Your instructions
Each line from the one containing "- apply near_right_and;" to the last line of the listing below must be reproduced exactly, and nothing more.

═══ Data records ═══

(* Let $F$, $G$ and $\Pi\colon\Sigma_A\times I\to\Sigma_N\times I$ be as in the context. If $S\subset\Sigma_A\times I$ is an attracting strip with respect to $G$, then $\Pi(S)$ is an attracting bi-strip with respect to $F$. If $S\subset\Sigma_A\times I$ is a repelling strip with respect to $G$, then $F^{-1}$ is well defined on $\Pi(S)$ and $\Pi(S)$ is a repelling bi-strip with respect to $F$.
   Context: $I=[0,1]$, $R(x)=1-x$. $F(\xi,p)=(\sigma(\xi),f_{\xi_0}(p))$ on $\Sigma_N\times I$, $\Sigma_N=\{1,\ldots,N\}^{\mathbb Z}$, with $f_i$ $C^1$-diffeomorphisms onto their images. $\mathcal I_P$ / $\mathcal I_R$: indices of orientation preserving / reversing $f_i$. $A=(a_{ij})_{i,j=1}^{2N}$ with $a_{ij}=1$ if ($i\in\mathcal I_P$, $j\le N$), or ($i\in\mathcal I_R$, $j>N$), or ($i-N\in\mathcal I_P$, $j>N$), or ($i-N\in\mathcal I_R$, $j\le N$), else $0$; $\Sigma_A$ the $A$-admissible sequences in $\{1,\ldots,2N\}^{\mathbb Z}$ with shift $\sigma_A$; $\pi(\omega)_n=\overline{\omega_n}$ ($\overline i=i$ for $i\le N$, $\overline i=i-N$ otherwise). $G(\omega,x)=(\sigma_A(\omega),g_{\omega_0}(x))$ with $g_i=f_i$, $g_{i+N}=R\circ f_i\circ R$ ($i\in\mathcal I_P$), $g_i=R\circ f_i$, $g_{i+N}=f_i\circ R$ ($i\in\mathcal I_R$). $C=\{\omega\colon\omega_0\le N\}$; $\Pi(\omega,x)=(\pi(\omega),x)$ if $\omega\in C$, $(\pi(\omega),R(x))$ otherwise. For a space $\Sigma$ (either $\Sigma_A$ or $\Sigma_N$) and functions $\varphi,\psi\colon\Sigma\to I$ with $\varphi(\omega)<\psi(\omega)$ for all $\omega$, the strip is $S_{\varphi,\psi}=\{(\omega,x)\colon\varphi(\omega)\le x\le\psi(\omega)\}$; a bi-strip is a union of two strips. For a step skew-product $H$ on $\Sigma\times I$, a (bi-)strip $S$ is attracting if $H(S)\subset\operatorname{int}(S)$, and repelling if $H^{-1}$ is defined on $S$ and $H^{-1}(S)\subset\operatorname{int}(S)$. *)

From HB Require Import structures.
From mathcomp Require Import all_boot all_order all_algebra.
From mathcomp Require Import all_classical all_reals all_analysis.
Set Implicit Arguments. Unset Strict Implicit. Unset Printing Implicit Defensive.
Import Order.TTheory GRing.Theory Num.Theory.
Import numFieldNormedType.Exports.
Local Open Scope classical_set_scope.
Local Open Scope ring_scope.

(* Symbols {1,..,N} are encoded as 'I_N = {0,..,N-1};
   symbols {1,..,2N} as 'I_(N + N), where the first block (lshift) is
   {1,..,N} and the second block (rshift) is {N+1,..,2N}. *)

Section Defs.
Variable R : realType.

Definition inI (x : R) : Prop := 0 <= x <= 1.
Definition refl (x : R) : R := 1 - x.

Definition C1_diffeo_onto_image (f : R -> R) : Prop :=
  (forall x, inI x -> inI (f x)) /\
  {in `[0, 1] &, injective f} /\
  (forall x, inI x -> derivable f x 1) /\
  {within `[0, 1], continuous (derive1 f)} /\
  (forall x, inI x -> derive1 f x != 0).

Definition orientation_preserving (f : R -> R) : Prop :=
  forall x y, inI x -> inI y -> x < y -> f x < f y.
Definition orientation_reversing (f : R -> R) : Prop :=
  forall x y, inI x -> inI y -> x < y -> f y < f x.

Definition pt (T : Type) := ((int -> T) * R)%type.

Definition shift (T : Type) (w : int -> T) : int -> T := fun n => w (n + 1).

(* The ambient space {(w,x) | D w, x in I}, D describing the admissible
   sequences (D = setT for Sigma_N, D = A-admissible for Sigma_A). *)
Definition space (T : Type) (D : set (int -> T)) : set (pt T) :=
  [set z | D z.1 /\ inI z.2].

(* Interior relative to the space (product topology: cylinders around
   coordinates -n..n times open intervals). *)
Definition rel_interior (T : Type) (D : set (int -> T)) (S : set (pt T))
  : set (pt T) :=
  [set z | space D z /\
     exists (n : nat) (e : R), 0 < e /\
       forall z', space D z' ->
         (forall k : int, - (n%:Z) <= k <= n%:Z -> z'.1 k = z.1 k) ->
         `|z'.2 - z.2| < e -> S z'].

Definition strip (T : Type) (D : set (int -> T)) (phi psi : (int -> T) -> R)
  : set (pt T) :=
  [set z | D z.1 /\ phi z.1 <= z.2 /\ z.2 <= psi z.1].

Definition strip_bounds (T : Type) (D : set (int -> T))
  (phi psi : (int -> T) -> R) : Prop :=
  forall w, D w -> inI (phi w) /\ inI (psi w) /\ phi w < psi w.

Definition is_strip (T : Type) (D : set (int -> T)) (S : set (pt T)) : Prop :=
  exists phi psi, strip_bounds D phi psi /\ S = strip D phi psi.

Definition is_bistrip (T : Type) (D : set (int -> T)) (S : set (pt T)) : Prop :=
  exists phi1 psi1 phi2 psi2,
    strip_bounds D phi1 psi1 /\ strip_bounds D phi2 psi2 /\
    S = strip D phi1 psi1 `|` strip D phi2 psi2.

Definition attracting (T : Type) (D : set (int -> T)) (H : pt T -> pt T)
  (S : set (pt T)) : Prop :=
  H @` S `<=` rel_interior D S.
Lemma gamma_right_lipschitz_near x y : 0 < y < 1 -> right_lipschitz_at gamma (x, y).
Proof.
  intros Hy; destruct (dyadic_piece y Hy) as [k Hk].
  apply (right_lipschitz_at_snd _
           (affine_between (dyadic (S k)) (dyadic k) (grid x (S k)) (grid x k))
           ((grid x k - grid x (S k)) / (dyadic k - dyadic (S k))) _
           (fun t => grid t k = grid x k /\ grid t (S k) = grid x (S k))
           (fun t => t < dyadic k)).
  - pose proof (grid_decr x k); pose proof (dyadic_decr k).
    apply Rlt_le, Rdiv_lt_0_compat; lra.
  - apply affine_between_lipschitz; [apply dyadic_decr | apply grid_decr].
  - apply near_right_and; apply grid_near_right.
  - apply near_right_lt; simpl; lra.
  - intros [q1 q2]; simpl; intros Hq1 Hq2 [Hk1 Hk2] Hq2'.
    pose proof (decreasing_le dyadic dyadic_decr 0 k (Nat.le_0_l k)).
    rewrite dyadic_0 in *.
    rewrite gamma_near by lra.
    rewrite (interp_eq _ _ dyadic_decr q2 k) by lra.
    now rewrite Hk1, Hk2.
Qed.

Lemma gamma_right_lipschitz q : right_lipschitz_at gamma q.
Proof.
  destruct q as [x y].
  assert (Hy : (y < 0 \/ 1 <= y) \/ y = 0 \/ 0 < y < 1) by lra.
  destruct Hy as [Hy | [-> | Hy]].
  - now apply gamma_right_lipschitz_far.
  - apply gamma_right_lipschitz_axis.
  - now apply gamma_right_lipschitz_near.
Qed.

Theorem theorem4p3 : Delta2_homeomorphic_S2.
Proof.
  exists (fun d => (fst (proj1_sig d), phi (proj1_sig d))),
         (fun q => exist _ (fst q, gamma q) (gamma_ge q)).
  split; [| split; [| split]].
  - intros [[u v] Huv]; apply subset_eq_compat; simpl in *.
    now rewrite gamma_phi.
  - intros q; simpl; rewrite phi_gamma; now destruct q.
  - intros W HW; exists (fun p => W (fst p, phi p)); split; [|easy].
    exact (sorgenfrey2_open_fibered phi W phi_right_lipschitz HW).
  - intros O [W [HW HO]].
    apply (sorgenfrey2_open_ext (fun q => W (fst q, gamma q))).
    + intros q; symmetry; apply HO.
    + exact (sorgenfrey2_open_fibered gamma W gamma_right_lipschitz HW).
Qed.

═══

Solution to this problem
  - apply near_right_and; apply grid_near_right.
  - apply near_right_lt; simpl; lra.
  - intros [q1 q2]; simpl; intros Hq1 Hq2 [Hk1 Hk2] Hq2'.
    pose proof (decreasing_le dyadic dyadic_decr 0 k (Nat.le_0_l k)).
    rewrite dyadic_0 in *.
    rewrite gamma_near by lra.
    rewrite (interp_eq _ _ dyadic_decr q2 k) by lra.
    now rewrite Hk1, Hk2.
Qed.

Lemma gamma_right_lipschitz q : right_lipschitz_at gamma q.
Proof.
  destruct q as [x y].
  assert (Hy : (y < 0 \/ 1 <= y) \/ y = 0 \/ 0 < y < 1) by lra.
  destruct Hy as [Hy | [-> | Hy]].
  - now apply gamma_right_lipschitz_far.
  - apply gamma_right_lipschitz_axis.
  - now apply gamma_right_lipschitz_near.
Qed.

Theorem theorem4p3 : Delta2_homeomorphic_S2.
Proof.
  exists (fun d => (fst (proj1_sig d), phi (proj1_sig d))),
         (fun q => exist _ (fst q, gamma q) (gamma_ge q)).
  split; [| split; [| split]].
  - intros [[u v] Huv]; apply subset_eq_compat; simpl in *.
    now rewrite gamma_phi.
  - intros q; simpl; rewrite phi_gamma; now destruct q.
  - intros W HW; exists (fun p => W (fst p, phi p)); split; [|easy].
    exact (sorgenfrey2_open_fibered phi W phi_right_lipschitz HW).
  - intros O [W [HW HO]].
    apply (sorgenfrey2_open_ext (fun q => W (fst q, gamma q))).
    + intros q; symmetry; apply HO.
    + exact (sorgenfrey2_open_fibered gamma W gamma_right_lipschitz HW).
Qed.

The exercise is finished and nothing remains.